▶ [DATA TO USE]:
________________
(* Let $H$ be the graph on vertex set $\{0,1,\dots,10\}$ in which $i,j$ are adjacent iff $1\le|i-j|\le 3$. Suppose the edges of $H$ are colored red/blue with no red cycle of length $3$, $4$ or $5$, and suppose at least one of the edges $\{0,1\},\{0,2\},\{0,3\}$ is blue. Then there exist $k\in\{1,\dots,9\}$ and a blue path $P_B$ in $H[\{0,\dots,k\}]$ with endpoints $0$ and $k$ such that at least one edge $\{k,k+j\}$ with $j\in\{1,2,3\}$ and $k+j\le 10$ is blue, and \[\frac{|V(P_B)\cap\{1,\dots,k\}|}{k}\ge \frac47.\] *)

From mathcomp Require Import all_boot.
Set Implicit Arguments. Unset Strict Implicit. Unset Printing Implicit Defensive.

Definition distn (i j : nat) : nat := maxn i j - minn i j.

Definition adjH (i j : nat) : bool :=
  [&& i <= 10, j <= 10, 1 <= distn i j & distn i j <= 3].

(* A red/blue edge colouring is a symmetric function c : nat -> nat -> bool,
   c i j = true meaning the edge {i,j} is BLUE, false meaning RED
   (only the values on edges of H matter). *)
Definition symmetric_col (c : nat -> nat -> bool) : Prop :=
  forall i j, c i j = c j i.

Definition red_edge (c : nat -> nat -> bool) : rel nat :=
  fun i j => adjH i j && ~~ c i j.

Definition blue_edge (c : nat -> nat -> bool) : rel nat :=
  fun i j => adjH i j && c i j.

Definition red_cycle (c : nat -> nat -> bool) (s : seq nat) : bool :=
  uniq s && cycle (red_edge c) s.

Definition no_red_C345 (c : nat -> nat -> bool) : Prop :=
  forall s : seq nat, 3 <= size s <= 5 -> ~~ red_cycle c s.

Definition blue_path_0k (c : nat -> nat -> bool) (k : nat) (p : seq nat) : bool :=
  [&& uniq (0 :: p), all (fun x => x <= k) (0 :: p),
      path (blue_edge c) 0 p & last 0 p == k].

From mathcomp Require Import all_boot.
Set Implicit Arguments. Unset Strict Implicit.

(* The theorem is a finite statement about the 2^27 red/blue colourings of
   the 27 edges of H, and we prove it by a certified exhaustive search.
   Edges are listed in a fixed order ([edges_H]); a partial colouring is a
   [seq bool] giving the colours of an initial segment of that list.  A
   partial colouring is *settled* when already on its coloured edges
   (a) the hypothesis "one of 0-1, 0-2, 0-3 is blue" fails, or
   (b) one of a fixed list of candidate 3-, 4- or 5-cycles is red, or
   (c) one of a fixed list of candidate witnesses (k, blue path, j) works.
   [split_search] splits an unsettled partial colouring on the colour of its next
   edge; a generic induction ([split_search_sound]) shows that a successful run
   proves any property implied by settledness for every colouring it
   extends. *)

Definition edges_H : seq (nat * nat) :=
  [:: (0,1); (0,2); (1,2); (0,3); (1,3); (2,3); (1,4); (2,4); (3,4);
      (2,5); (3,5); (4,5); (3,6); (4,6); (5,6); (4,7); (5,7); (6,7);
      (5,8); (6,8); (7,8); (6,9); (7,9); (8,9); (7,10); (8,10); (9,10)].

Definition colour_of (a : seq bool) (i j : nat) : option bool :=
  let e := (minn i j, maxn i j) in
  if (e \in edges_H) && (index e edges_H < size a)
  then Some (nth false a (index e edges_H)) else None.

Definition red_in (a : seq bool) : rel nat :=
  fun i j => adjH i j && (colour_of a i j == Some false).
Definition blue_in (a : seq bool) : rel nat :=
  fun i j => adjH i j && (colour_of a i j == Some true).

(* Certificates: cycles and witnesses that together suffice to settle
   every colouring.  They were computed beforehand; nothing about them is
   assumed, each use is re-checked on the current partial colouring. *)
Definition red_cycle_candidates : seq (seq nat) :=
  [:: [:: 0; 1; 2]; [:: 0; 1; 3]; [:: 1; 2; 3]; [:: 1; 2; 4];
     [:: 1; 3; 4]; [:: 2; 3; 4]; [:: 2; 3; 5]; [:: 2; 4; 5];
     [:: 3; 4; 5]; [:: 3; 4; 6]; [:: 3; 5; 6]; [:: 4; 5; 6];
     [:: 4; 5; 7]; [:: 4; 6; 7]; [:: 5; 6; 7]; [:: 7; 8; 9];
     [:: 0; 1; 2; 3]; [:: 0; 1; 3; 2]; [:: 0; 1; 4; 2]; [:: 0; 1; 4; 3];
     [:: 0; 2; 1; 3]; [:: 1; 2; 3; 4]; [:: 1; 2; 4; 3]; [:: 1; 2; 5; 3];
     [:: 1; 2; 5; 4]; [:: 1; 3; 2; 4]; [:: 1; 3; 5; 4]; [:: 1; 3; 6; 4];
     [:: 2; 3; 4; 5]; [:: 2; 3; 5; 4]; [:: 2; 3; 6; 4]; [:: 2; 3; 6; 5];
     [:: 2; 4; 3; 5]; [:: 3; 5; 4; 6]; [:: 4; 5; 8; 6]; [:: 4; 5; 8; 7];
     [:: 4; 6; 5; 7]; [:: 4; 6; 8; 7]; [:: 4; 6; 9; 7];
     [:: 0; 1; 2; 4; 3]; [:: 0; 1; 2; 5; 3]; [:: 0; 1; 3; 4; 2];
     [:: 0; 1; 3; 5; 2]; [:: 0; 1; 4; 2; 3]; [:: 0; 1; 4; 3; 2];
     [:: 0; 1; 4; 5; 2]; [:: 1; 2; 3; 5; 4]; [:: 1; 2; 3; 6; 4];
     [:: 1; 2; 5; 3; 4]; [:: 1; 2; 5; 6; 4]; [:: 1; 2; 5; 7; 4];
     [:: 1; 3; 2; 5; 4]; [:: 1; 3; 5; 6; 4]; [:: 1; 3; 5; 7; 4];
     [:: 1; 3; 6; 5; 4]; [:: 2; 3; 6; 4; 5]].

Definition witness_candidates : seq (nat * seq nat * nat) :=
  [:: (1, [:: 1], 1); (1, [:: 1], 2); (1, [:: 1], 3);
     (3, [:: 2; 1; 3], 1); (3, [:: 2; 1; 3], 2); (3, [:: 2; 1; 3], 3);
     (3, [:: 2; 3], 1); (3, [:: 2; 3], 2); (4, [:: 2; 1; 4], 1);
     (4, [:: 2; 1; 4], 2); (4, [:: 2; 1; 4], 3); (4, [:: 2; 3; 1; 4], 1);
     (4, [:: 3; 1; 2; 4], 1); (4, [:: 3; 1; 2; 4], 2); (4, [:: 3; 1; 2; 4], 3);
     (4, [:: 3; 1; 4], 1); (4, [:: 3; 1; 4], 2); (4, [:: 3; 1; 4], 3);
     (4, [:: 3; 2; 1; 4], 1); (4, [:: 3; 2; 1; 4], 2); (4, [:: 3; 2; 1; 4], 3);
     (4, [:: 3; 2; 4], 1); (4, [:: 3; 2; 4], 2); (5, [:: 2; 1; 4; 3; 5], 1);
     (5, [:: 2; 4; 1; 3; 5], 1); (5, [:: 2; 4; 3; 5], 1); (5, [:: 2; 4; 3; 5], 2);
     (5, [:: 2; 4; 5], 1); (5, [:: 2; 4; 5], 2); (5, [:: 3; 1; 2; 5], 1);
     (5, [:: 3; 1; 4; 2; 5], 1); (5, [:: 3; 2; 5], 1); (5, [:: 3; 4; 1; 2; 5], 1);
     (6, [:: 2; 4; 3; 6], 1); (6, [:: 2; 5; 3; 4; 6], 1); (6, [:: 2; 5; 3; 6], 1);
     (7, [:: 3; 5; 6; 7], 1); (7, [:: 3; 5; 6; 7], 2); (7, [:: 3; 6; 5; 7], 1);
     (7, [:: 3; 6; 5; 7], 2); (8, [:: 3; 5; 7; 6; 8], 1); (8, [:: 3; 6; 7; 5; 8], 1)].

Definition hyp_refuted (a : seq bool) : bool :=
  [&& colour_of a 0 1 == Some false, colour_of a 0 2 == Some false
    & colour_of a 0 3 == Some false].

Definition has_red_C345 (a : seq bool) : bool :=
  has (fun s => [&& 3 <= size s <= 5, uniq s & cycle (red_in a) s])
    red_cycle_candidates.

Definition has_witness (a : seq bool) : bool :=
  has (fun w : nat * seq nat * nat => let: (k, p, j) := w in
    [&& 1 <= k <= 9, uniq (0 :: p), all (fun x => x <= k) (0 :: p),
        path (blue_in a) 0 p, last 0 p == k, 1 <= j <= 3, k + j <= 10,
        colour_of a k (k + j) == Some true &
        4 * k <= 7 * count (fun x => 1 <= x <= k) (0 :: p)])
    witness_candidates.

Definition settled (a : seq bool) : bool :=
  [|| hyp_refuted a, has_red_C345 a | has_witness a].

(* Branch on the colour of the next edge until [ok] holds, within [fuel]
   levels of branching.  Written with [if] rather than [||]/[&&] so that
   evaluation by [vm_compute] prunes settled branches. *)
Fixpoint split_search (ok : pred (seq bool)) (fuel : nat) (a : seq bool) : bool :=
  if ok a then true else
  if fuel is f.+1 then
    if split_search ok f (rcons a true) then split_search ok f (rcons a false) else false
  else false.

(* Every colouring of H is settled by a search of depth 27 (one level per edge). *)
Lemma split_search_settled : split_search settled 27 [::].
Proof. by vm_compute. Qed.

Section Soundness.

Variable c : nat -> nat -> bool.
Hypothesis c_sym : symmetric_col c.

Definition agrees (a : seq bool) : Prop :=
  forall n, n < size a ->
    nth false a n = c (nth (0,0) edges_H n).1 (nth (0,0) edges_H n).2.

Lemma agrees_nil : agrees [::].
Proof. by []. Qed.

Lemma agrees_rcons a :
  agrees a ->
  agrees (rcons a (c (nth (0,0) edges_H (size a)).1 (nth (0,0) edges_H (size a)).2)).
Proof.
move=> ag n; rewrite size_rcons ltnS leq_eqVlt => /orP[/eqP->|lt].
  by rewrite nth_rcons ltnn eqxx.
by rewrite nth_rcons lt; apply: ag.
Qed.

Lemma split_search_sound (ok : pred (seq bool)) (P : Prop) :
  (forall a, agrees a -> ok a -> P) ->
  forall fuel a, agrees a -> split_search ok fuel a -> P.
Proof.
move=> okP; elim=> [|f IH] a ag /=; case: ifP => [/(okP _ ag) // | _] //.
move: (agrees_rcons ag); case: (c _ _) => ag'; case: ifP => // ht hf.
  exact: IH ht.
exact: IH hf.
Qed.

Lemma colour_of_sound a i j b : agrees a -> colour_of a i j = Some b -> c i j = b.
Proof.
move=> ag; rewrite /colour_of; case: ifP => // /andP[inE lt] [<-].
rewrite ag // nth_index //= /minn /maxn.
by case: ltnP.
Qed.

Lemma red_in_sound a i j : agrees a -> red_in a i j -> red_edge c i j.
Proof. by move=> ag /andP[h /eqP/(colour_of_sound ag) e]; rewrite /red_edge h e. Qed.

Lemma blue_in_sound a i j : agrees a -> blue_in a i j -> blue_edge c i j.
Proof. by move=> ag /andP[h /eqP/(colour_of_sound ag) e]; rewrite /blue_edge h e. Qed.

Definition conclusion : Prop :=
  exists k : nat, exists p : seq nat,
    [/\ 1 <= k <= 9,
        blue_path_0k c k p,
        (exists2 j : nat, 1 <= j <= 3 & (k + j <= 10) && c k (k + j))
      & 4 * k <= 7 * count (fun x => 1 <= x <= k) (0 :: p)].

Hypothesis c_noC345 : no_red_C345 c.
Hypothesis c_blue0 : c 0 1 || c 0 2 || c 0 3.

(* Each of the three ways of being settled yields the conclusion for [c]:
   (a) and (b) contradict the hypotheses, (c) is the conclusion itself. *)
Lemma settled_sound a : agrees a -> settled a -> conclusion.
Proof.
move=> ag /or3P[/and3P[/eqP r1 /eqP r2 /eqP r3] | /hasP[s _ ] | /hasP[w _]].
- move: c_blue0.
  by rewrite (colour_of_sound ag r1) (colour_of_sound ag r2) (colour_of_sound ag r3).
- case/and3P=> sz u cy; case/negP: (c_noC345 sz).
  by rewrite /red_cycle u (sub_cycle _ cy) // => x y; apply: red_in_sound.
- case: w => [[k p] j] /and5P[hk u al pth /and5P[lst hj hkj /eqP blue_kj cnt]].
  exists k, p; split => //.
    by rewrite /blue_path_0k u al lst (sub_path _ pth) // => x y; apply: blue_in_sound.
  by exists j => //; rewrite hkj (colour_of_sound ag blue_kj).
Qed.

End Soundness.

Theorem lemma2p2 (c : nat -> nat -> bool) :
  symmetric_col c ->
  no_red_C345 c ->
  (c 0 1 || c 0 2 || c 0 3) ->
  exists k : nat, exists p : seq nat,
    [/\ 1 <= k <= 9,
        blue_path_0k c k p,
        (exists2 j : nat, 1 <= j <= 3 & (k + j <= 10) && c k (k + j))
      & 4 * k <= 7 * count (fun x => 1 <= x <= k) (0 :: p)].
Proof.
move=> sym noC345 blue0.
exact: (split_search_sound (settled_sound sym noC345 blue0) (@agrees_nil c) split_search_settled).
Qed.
________________
Transcribe, exactly as written, all lines of the entries above from the first to the one containing "partial colouring is *settled*", and no more.

(* Let $H$ be the graph on vertex set $\{0,1,\dots,10\}$ in which $i,j$ are adjacent iff $1\le|i-j|\le 3$. Suppose the edges of $H$ are colored red/blue with no red cycle of length $3$, $4$ or $5$, and suppose at least one of the edges $\{0,1\},\{0,2\},\{0,3\}$ is blue. Then there exist $k\in\{1,\dots,9\}$ and a blue path $P_B$ in $H[\{0,\dots,k\}]$ with endpoints $0$ and $k$ such that at least one edge $\{k,k+j\}$ with $j\in\{1,2,3\}$ and $k+j\le 10$ is blue, and \[\frac{|V(P_B)\cap\{1,\dots,k\}|}{k}\ge \frac47.\] *)

From mathcomp Require Import all_boot.
Set Implicit Arguments. Unset Strict Implicit. Unset Printing Implicit Defensive.

Definition distn (i j : nat) : nat := maxn i j - minn i j.

Definition adjH (i j : nat) : bool :=
  [&& i <= 10, j <= 10, 1 <= distn i j & distn i j <= 3].

(* A red/blue edge colouring is a symmetric function c : nat -> nat -> bool,
   c i j = true meaning the edge {i,j} is BLUE, false meaning RED
   (only the values on edges of H matter). *)
Definition symmetric_col (c : nat -> nat -> bool) : Prop :=
  forall i j, c i j = c j i.

Definition red_edge (c : nat -> nat -> bool) : rel nat :=
  fun i j => adjH i j && ~~ c i j.

Definition blue_edge (c : nat -> nat -> bool) : rel nat :=
  fun i j => adjH i j && c i j.

Definition red_cycle (c : nat -> nat -> bool) (s : seq nat) : bool :=
  uniq s && cycle (red_edge c) s.

Definition no_red_C345 (c : nat -> nat -> bool) : Prop :=
  forall s : seq nat, 3 <= size s <= 5 -> ~~ red_cycle c s.

Definition blue_path_0k (c : nat -> nat -> bool) (k : nat) (p : seq nat) : bool :=
  [&& uniq (0 :: p), all (fun x => x <= k) (0 :: p),
      path (blue_edge c) 0 p & last 0 p == k].

From mathcomp Require Import all_boot.
Set Implicit Arguments. Unset Strict Implicit.

(* The theorem is a finite statement about the 2^27 red/blue colourings of
   the 27 edges of H, and we prove it by a certified exhaustive search.
   Edges are listed in a fixed order ([edges_H]); a partial colouring is a
   [seq bool] giving the colours of an initial segment of that list.  A
   partial colouring is *settled* when already on its coloured edges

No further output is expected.